The hearing loss is usually moderate to variable and in the higher
frequencies the hearing loss may not be as profound.
There are a number of syndromes associated with congenital
sensorineural hearing loss such as Crouzon’s disease (craniofacial
dysostosis), Apert’s disease, Hurler’s syndrome, Klippel-Feil,
Wildervanck, and Waardenburg syndromes [1].
Many books use the term Mondini’s deformity to describe
virtually any malformation of the osseous labyrinth short of complete aplasia.

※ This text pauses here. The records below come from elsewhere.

(* Let $G=(V,E)$ be a finite connected graph and $P$ the transition matrix of an irreducible recurrent Markov chain on $G$. If $\eta$ is a golf process on $G$ with $|B^0|\le|H^0|$, then $\eta$ is valid. The same holds if $G$ is infinite (with countable vertex set), provided $|B^0|\le|H^0|$ and $|B^0|$ is finite.
   Context: Golf process on $G$: $P=(P_{u,v})$ with $P_{u,v}>0$ only if $\{u,v\}\in E$. The initial configuration (random or deterministic) consists of disjoint sets $B^0$ (vertices containing a ball) and $H^0$ (free holes); other vertices are neutral. Each vertex $v$ has an activation clock $C(v)\in(0,1)$, the clocks being a.s. pairwise distinct (e.g. i.i.d. uniform). At time $C(v)$, if $v$ contains a ball, the ball performs a $P$-random walk from $v$ (independent of everything else), stopped at the first time it is at a hole that is free at that time; it fills that hole and both $v$ and the hole become neutral. If the walk never hits a free hole, the whole process becomes frozen (all vertices set to a cemetery state $\ast$ until time $1$). Configurations lie in $\mathcal{S}=\{\text{hole},0,\text{ball},\ast\}^V$ with the product topology. The process is valid if it is almost surely well-defined and not frozen at time $1$, is measurable, and almost surely belongs to $D_{\mathcal{S}}[0,1]$, the càdlàg functions $[0,1]\to\mathcal{S}$ with the Skorokhod topology. *)

From HB Require Import structures.
From mathcomp Require Import all_boot all_order all_algebra.
From mathcomp Require Import all_classical all_reals all_analysis.
From mathcomp Require Import finmap.
From Stdlib Require Import Relations.

Set Implicit Arguments.
Unset Strict Implicit.
Unset Printing Implicit Defensive.
Import Order.TTheory GRing.Theory Num.Theory.
Local Open Scope classical_set_scope.
Local Open Scope ring_scope.

(** States of a vertex: free hole, neutral (0), ball, cemetery (frozen). *)
Inductive site := SHole | SZero | SBall | SStar.

Section Graph.
Variables (R : realType) (V : countType).

Definition graph_rel (E : rel V) := forall u v, E u v = E v u.

Definition connected_graph (E : rel V) :=
  forall u v, clos_refl_trans V (fun x y => E x y) u v.

Definition transition_on (E : rel V) (P : V -> V -> R) :=
  (forall u v, 0 <= P u v) /\
  (forall u v, 0 < P u v -> E u v) /\
  (forall u, (\esum_(w in [set: V]) (P u w)%:E = 1)%E).

Definition irreducible (P : V -> V -> R) :=
  forall u v, exists n (x : nat -> V), x 0%N = u /\ x n = v /\
    forall i, (i < n)%N -> 0 < P (x i) (x i.+1).

(** first passage probabilities f_n(u,v) = P_u(T_v^+ = n) *)
Fixpoint first_passage (P : V -> V -> R) (n : nat) : V -> V -> \bar R :=
  match n with
  | 0%N => fun _ _ => 0%E
  | m.+1 => fun u v =>
      match m with
      | 0%N => (P u v)%:E
      | _ => (\esum_(w in [set w | w != v]) ((P u w)%:E * first_passage P m w v))%E
      end
  end.

Definition recurrent (P : V -> V -> R) :=
  forall u, (\esum_(n in [set n : nat | (0 < n)%N]) first_passage P n u u = 1)%E.

End Graph.

Section Golf.
Variables (R : realType) (V : countType) (d : measure_display)
  (Omega : measurableType d) (Pr : probability Omega R).

Definition independent_family (I : choiceType) (F : I -> set (set Omega)) :=
  forall (J : {fset I}) (A : I -> set Omega),
    (forall i, i \in J -> F i (A i)) ->
    Pr (\bigcap_(i in [set` J]) A i) = (\prod_(i <- J) Pr (A i))%E.

Variables (init : V -> Omega -> site) (C : V -> Omega -> R)
  (W : V -> nat -> Omega -> V).

Definition sigma_init : set (set Omega) :=
  <<s setT, [set A | (exists v (B : set R), measurable B /\ A = C v @^-1` B) \/
                     (exists v s, A = [set w | init v w = s])] >>.

Definition sigma_walk (v : V) : set (set Omega) :=
  <<s setT, [set A | exists n u, A = [set w | W v n w = u]] >>.

Definition golf_sigma (i : option V) : set (set Omega) :=
  match i with None => sigma_init | Some v => sigma_walk v end.

(** A golf process with transition matrix P, initial configuration [init]
    (B^0 = balls, H^0 = holes), clocks [C], and for every vertex v the
    P-random walk [W v] that the ball at v (if any) performs. *)
Definition golf_process (P : V -> V -> R) :=
  (forall v w, init v w <> SStar) /\
  (forall v s, measurable [set w | init v w = s]) /\
  (forall v, measurable_fun setT (C v)) /\
  (forall v w, 0 < C v w < 1) /\
  {ae Pr, forall w, forall u v, u != v -> C u w != C v w} /\
  (forall v n u, measurable [set w | W v n w = u]) /\
  (forall v (x : nat -> V) n,
     Pr [set w | forall i, (i <= n)%N -> W v i w = x i] =
     ((x 0%N == v)%:R * \prod_(i < n) P (x i) (x i.+1))%:E) /\
  independent_family golf_sigma.

Definition B0 (w : Omega) : set V := [set v | init v w = SBall].
Definition H0 (w : Omega) : set V := [set v | init v w = SHole].

Definition well_defined (w : Omega) :=
  finite_set (B0 w) /\ (forall u v, u != v -> C u w != C v w).

Definition minball (w : Omega) (c : V -> site) (v : V) :=
  c v = SBall /\ forall u, c u = SBall -> C v w <= C u w.

Definition step (w : Omega) (c : V -> site) : V -> site :=
  match pselect (exists v, minball w c v) with
  | left H =>
      let v := projT1 (cid H) in
      match pselect (exists n, c (W v n w) = SHole) with
      | left Hn =>
          let n := @ex_minn (fun n => `[< c (W v n w) = SHole >])
                     (let: ex_intro n Hn' := Hn in
                      ex_intro _ n (asboolT Hn')) in
          let h := W v n w in
          fun u => if (u == v) || (u == h) then SZero else c u
      | right _ => fun _ => SStar
      end
  | right _ => c
  end.

Definition nactivated (w : Omega) (t : R) : nat :=
  size (fset_set [set v | init v w = SBall /\ C v w <= t]).

Definition golf (w : Omega) (t : R) : V -> site :=
  if `[< well_defined w >] then iter (nactivated w t) (step w) (init^~ w)
  else fun _ => SStar.

Definition cadlag01_discrete (T : Type) (f : R -> T) :=
  (forall t, 0 <= t < 1 -> exists2 e, 0 < e &
     forall s, t <= s < t + e -> f s = f t) /\
  (forall t, 0 < t <= 1 -> exists2 e, 0 < e &
     exists l, forall s, t - e < s < t -> f s = l).

Definition valid :=
  (* measurability (coordinate sigma-algebra of D_S[0,1]) *)
  (forall t, 0 <= t <= 1 -> forall v s, measurable [set w | golf w t v = s]) /\
  {ae Pr, forall w,
     well_defined w /\
     (forall v, golf w 1 v <> SStar) /\
     (forall v, cadlag01_discrete (fun t => golf w t v))}.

Mondini himself however, never intended this to be case. He described
a case of a congenital deafness in which the cochlea was shortened
to 1 1/2 turns. The true Mondini deformity occurs
secondary to an arrest at the seventh week; only the basilar turn of
the cochlea has undergone
complete development [2]. Typically the interscalar septum or osseous
spiral lamina is incomplete, resulting in a confluency of the apical
and middle cochlea turns (incomplete partition) [2]. The vestibule
and semicircular canal may or may not be normal.
It has been emphasized that many patients are not completely
deaf. This is probably secondary to the variable development of the membranous
labyrinth.
The development of the semicircular canal takes place later [3] and
occurs between weeks six and twenty-two. The lateral (horizontal) semicircular
canal is more frequently abnormal. The lateral semicircular canal was
normal in this patient. Occasionally other abnormalities are associated
such as a narrowing of the internal auditory canal [4] which was not
seen in this patient.
Abnormalities of the middle and external ears
may occasionally be associated but it should be emphasized that these
structures
have mutually independent
embryologic origin [5]. Therefore in most situations abnormalities
of the inner ear are not associated with middle or external ear abnormalities.